Trump yönetimi sırasında Pentagon'un satın alma şefi olarak görev yapan Ellen Lord, Nisan ayındaki CSIS etkinliğinde, küçük Avustralyalı şirketlerle çalışmanın "gerçek zorluğun olduğu yer" olduğunu söyledi.

"Eksik olduğumuz şey, mümkün olanın sanatını anlamak için tüm bu küçük şirketleri bir araya getirecek ve sözleşme görevlilerinin bununla ne yapacaklarını bilmelerini sağlayacak bir katılım stratejisidir, çünkü Bakanlıkta her zaman harika bir iş çıkarmıyoruz.

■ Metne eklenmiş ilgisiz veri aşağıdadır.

Lemma fan_contra u v b a1 a2 : e u v -> e v b -> b != u -> ~~ e u b ->
  e u a1 -> e u a2 -> a1 != v -> a2 != v -> a1 != a2 -> False.
Proof.
move=> euv evb bu eub eua1 eua2 a1v a2v a12.
have [uW vW uv _] := mono_edgeP _ _ _ _ euv; have [_ bW vb cvb] := mono_edgeP _ _ _ _ evb.
have cub : c u b != j.
  by move: eub; apply: contraNN => /eqP cub; apply/mono_edgeP; rewrite eq_sym.
have off_j x y : e u x -> e u y -> x != v -> y != v -> x != y -> c v x != j /\ c x b != j.
  move=> eux euy xv yv xy.
  have [_ xW ux _] := mono_edgeP _ _ _ _ eux; have [_ yW uy _] := mono_edgeP _ _ _ _ euy.
  split; apply/eqP => cj.
  - apply: (@mono_edge_P5_contra b v x u y) => //.
    + by rewrite mono_edge_sym.
    + by apply/mono_edgeP; rewrite eq_sym.
    + by rewrite mono_edge_sym.
    + by solve_uniq.
  - apply: (@mono_edge_P5_contra v b x u y) => //.
    + apply/mono_edgeP; split=> //; last by rewrite hc.
      by apply: contraNneq eub => ->.
    + by rewrite mono_edge_sym.
    + by solve_uniq.
have colour_through a : e u a -> a != v -> c v a != j -> c a b != j ->
    c u b = c a b /\ c v a = c a b.
  move=> /mono_edgeP [_ aW ua cua] av cva cab.
  have ba : b != a by apply: contraNneq eub => ->; apply/mono_edgeP.
  split; first by apply: (rainbow_free_eq hR); rewrite // ?cua // 1?eq_sym.
  rewrite (hc a b); apply: (rainbow_free_eq hR); rewrite // ?cvb // 1?eq_sym //.
  by rewrite hc.
have [c1v c1b] := off_j a1 a2 eua1 eua2 a1v a2v a12.
have a21 : a2 != a1 by rewrite eq_sym.
have [c2v c2b] := off_j a2 a1 eua2 eua1 a2v a1v a21.
have [cu1 cv1] := colour_through a1 eua1 a1v c1v c1b.
have [cu2 cv2] := colour_through a2 eua2 a2v c2v c2b.
have [_ a1W ua1 _] := mono_edgeP _ _ _ _ eua1.
have [_ a2W ua2 _] := mono_edgeP _ _ _ _ eua2.
have ba1 : b != a1 by apply: contraNneq eub => ->.
apply: (h5 u b a1 v a2 (c u b)) => //.
- by solve_uniq.
- by apply: (h3 u b a1); rewrite // 1?eq_sym // (hc b a1) -cu1.
- by rewrite hc cu1.
- by rewrite hc cv1 cu1.
- by rewrite cv2 cu2.
Qed.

Bireyleri öne eğilmeye ve farklı bir şeyler yapmaya motive etmek ve teşvik etmek açısından Savunma'nın bir parçası” dedi.

Avustralya Savunma Bakanlığı'nın strateji, politika ve endüstriden sorumlu sekreter yardımcısı Hugh Jeffrey, 5 Mart'ta Avustralya'nın Canberra kentinde düzenlenen CSIS etkinliğinde, Avustralya ve ABD savunma sanayi üslerini birbirine bağlamaya çalışmanın uzun bir geçmişi olduğunu söyledi.

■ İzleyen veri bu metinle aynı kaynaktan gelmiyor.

Lemma sum_card_requested_files :
  (\sum_(d : demands N K) #|requested_files d| =
   N * (N ^ K - (N - m) ^ s * N ^ (K - s)))%N.
Proof.
under eq_bigr do rewrite -sum1_card big_mkcond /=.
rewrite exchange_big /= (eq_bigr (fun=> (N ^ K - (N - m) ^ s * N ^ (K - s))%N)).
  by rewrite big_const_ord iter_addn_0 mulnC.
move=> j _; rewrite -big_mkcond /= sum1dep_card.
pose avoid (k : 'I_K) :=
  [set x : 'I_N | (k < s)%N ==> [forall i : 'I_m, j != x + inord i]].
have notin_family : ~: [set d : demands N K | j \in requested_files d] =
                    [set d | d \in family avoid].
  apply/setP => d; rewrite !inE; apply/idP/familyP => [jN k|avoid_d].
    rewrite inE; apply/implyP => ks; apply/forallP => i; apply: contra jN => /eqP jE.
    apply/existsP; exists (Ordinal ks); apply/existsP; exists i.
    by rewrite ffunE jE; apply/eqP; congr (d _ + _); apply: val_inj.
  apply/negP => /existsP[k /existsP[i /eqP jE]].
  move: (avoid_d (widen_ord sK k)); rewrite inE /= (ltn_ord k) /=.
  by move=> /forallP/(_ i); rewrite jE ffunE eqxx.
have card_family_avoid :
    #|[set d : demands N K | d \in family avoid]| = ((N - m) ^ s * N ^ (K - s))%N.
  rewrite cardsE card_family foldrE big_map big_enum /= -prodn_ord_split //.
  apply: eq_bigr => k _; rewrite /avoid; case: ifP => ks.
    by rewrite -(card_avoiding_shifts j); apply: eq_card => x; rewrite !inE.
  by rewrite -[RHS]card_ord; apply: eq_card => x; rewrite !inE.
have := cardsC [set d : demands N K | j \in requested_files d].
rewrite notin_family card_family_avoid card_ffun !card_ord => <-.
by rewrite addnK.
Qed.

Lemma sum_cut_set_bound :
  (forall d, 2 * #|\bigcup_(i < m) decoding_errors S (shift_demands i d)| <
             #|{: files N F}|)%N ->
  (F * (N * (N ^ K - (N - m) ^ s * N ^ (K - s))) <=
   N ^ K * (s * c) + m * \sum_(d : demands N K) lenS d)%N.
Proof.
move=> Esmall; rewrite -sum_card_requested_files big_distrr /=.
apply: (@leq_trans (\sum_d (s * c + \sum_(i < m) lenS (shift_demands i d)))%N).
  by apply: leq_sum => d _; apply: cut_set_bound.
rewrite big_split /= sum_nat_const card_ffun !card_ord leq_add2l.
rewrite exchange_big /= (eq_bigr (fun=> \sum_(d : demands N K) lenS d)).
  by rewrite sum_nat_const card_ord.
by move=> i _; exact: esym (reindex_inj (@shift_demands_inj i)).
Qed.
End CutSet.

Lemma union_decoding_errors_small (R : realType) N' K F c (S : scheme N'.+1 K F c) m :
  (0 < m)%N -> (forall d, @err_prob R _ _ _ _ S d < ((2 * m)%:R)^-1) ->
  forall d, (2 * #|\bigcup_(i < m) decoding_errors S (shift_demands i d)| <
             #|{: files N'.+1 F}|)%N.
Proof.
move=> m_gt0 err_small d.
set Q := #|{: files N'.+1 F}|.
have Q_gt0 : (0 < Q)%N by rewrite /Q card_ffun card_tuple card_bool !expn_gt0.
apply: leq_ltn_trans (leq_mul (leqnn 2) (card_bigcup_le _)) _.
rewrite -(ltr_nat R) natrM natr_sum.
have err_i (i : 'I_m) :
    (#|decoding_errors S (shift_demands i d)|%:R : R) < ((2 * m)%:R)^-1 * Q%:R.
  by rewrite -ltr_pdivrMr ?ltr0n // -err_probE.
apply: (@lt_le_trans _ _ (2 * \sum_(i < m) ((2 * m)%:R^-1 * Q%:R : R))).
  rewrite ltr_pM2l ?ltr0n //; apply: ltr_sum => [|i _]; last exact: err_i.
  by apply/hasP; exists (Ordinal m_gt0); rewrite ?mem_index_enum.
have m0 : (m%:R : R) != 0 by rewrite pnatr_eq0 -lt0n.
rewrite sumr_const card_ord -mulr_natr natrM le_eqVlt; apply/orP; left.
by apply/eqP; field.
Qed.

Lemma exp_rateE (R : realType) N K F c (S : scheme N K F c) :
  @exp_rate R _ _ _ _ S = (\sum_d @len _ _ _ _ S d)%:R / (F%:R * (N ^ K)%:R).
Proof.
rewrite /exp_rate card_ffun !card_ord -mulr_suml natr_sum.
by rewrite invfM mulrA.
Qed.

Lemma achievable_cut_set_bound (R : realType) (M r : R) N' K s m :
  (s <= K)%N -> (0 < m)%N -> (m <= N'.+1)%N -> 0 <= M ->
  @achievable R M N'.+1 K r ->
  N'.+1%:R * (1 - (1 - m%:R / N'.+1%:R) ^+ s) - s%:R * M <= m%:R * r.
Proof.
set N := N'.+1 => sK m_gt0 mN M_ge0 ach.
have [|F0 large] := ach ((2 * m)%:R^-1); first by rewrite invr_gt0 ltr0n muln_gt0.
have [c [cM [S [rate err]]]] := large F0.+1 (leqnSn _); set F := F0.+1 in cM S rate err.
have := sum_cut_set_bound sK mN (union_decoding_errors_small m_gt0 err).
set L := (\sum_d @len _ _ _ _ S d)%N; set X := ((N - m) ^ s * N ^ (K - s))%N.
have NK : (N ^ K = N ^ s * N ^ (K - s))%N by rewrite -expnD subnKC.
have X_le : (X <= N ^ K)%N.
  rewrite /X NK leq_mul2r; apply/orP; right.
  by case: (posnP s) => [-> //|s_gt0]; rewrite leq_exp2r ?leq_subr.
have N_gt0 : 0 < (N%:R : R) by rewrite ltr0n.
have XE : (X%:R : R) = (1 - m%:R / N%:R) ^+ s * (N ^ K)%:R.
  rewrite /X NK !natrM !natrX natrB // mulrA -exprMn; congr (_ ^+ _ * _).
  by field; rewrite gt_eqF.
rewrite -(ler_nat R) !natrM natrD !natrM natrB // XE.
move: rate; rewrite exp_rateE ler_pdivrMr ?mulr_gt0 ?ltr0n ?expn_gt0 // => rate key.
rewrite -/N in key; set f := (F%:R : R) in cM rate key *; set P := ((N ^ K)%:R : R) in rate key *.
have f_gt0 : 0 < f by rewrite ltr0n.
have P_gt0 : 0 < P by rewrite ltr0n expn_gt0.
rewrite -(ler_pM2l (mulr_gt0 f_gt0 P_gt0)).
have cache_le : P * (s%:R * c%:R) <= P * (s%:R * (M * f)).
  by rewrite (ler_wpM2l (ltW P_gt0)) // ler_wpM2l.
have rate_le : m%:R * L%:R <= m%:R * (r * (f * P)) by rewrite ler_wpM2l.
lra.
Qed.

Jeffrey "sadece sınırlı bir başarı" elde edildiğini ancak bu sefer farklı olacağı konusunda iyimser olduğunu söyledi.

Zaten, diye belirtti, ABD Kongresi önemli ihracat kontrolü reformları yaptı Savunma sanayii kaynaklarının Avustralya ve Birleşik Krallık ile daha hızlı paylaşılmasını sağlayacak ve "en önemlisi" AUKUS ülkeleri için bazı ABD ihracat kontrol lisansı gerekliliklerinden ulusal muafiyet sağlayacak olan 2024 mali yılı Ulusal Savunma Yetkilendirme Yasası'nda yer alıyor. ABD Dışişleri Bakanlığı'nın Avustralya ve İngiltere'ye bağlı olarak hâlâ muafiyet tanıması gerekiyor kendi ihracat kontrol yasalarını geliştirmek.

“Benim görüşüme göre, Pasifik'in her iki yakasında da bu konuda bir fikir birliği oluştu; bazı şeyleri değiştirmemiz gerekiyor ve bu nedenle ABD ve Avustralya'nın endüstriyel temel entegrasyonu konusunda nesiller arası bir zihniyet değişimine kararlı olduklarını görmek çok heyecan verici. dedi.

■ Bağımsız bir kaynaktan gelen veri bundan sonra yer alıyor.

(* Let $\boldsymbol{d}$ be a graphical degree sequence with minimum degree at least $3$. Let $(G,H)$ be a switch on $\mathcal{G}(n,\boldsymbol{d})$ which removes the edges $a_1a_2,a_3a_4$ and inserts the edges $a_1a_3,a_2a_4$, and let $D=\{a_1,a_2,a_3,a_4\}$. Suppose that all of the following hold: neither of the diagonals $a_1a_4$, $a_2a_3$ is an edge of $G$; no pair of vertices in $D$ has a common neighbour in $G$; and there is no triangle in $G$ on vertices $a_j,u,w$ with $j\in[4]$ and $\{u,w\}\cap D=\emptyset$. Then there is a triangle-switch simulation path of length at most $5$ from $G$ to $H$.
   Context: $\mathcal{G}(n,\boldsymbol{d})$ is the set of labelled simple graphs on $[n]$ with vertex $i$ of degree $d_i$. A switch $(G,H)$ on $\mathcal{G}(n,\boldsymbol{d})$: $G\in\mathcal{G}(n,\boldsymbol{d})$, $F$ is a set of two vertex-disjoint edges of $G$ on vertex set $\{a_1,a_2,a_3,a_4\}$, $F'$ is a different perfect matching of these four vertices with $F'\cap(E(G)\setminus F)=\emptyset$, and $H$ has edge set $(E(G)\setminus F)\cup F'$. A triangle switch is a switch $(G,H)$ such that for some pair $aa'\in F\cup F'$, $a$ and $a'$ have a common neighbour in $G$ outside $\{a_1,a_2,a_3,a_4\}$. A triangle-switch simulation path of length $\kappa$ from $G$ to $H$ is a sequence $G=X_0,X_1,\dots,X_\kappa=H$ of graphs in $\mathcal{G}(n,\boldsymbol{d})$ such that each $(X_i,X_{i+1})$ is a triangle switch. *)

From mathcomp Require Import all_boot.

Set Implicit Arguments. Unset Strict Implicit. Unset Printing Implicit Defensive.

(* A labelled simple graph on [n] = 'I_n is given by its edge set:
   a set of 2-element subsets of 'I_n. *)
Definition graph (n : nat) := {set {set 'I_n}}.

Definition is_simple n (G : graph n) : bool :=
  [forall e in G, #|e| == 2].

Definition adj n (G : graph n) (x y : 'I_n) : bool :=
  (x != y) && ([set x; y] \in G).

Definition deg n (G : graph n) (i : 'I_n) : nat :=
  #|[set e in G | i \in e]|.

Definition in_Gnd n (d : 'I_n -> nat) (G : graph n) : Prop :=
  is_simple G /\ forall i, deg G i = d i.

Definition graphical n (d : 'I_n -> nat) : Prop := exists G, in_Gnd d G.

Definition switch_via n (d : 'I_n -> nat) (G H : graph n)
    (F F' : {set {set 'I_n}}) : Prop :=
  [/\ in_Gnd d G /\ in_Gnd d H,
      [/\ F \subset G, #|F| = 2, trivIset F & #|cover F| = 4],
      [/\ partition F' (cover F), [forall e in F', #|e| == 2] & F' != F],
      F' :&: (G :\: F) = set0
    & H = (G :\: F) :|: F'].

Definition is_switch n (d : 'I_n -> nat) (G H : graph n) : Prop :=
  exists F F', switch_via d G H F F'.

Definition is_triangle_switch n (d : 'I_n -> nat) (G H : graph n) : Prop :=
  exists F F', switch_via d G H F F' /\
    exists e, e \in F :|: F' /\
      exists v, v \notin cover F /\ forall x, x \in e -> adj G x v.

Definition tsim_path n (d : 'I_n -> nat) (G H : graph n) (kappa : nat) : Prop :=
  exists X : nat -> graph n,
    [/\ X 0 = G, X kappa = H,
        forall i, i <= kappa -> in_Gnd d (X i)
      & forall i, i < kappa -> is_triangle_switch d (X i) (X i.+1)].
Lemma index_fixed (s : {perm T}) v :
  {in L, forall u, s u = u} -> index (s v) L = index v L.
Proof.
move=> fixL; have [vL|vNL] := boolP (v \in L); first by rewrite fixL.
rewrite !memNindex //; apply: contra vNL => svL.
by rewrite -(perm_inj (fixL _ svL)).
Qed.

(* The positional (m+1)-coloring v |-> index v L is not distinguishing, and
   an automorphism preserving it fixes L pointwise. *)
Lemma fixing_aut_exists :
  exists s : {perm T}, [/\ is_aut e s, s != 1 & {in L, forall v, s v = v}].
Proof.
pose c : {ffun T -> 'I_m.+1} := [ffun v => inord (index v L)].
have c_val v : (c v : nat) = index v L.
  by rewrite ffunE inordK // ltnS -L_size index_size.
have /forallPn[s] := no_dist c.
rewrite negb_imply => /andP[/andP[hs /forallP hc] s1]; exists s; split => // v vL.
have := eqP (hc v) => /(congr1 val); rewrite /= !c_val => idx.
have svL : s v \in L by rewrite -index_mem idx index_mem.
by rewrite -(nth_index v svL) idx nth_index.
Qed.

Jen Judson, Defence News için kara savaşını anlatan ödüllü bir gazetecidir. Ayrıca Politico ve Inside Defence için çalıştı. Boston Üniversitesi'nden gazetecilik alanında Master of Science derecesine ve Kenyon College'dan Bachelor of Arts derecesine sahiptir.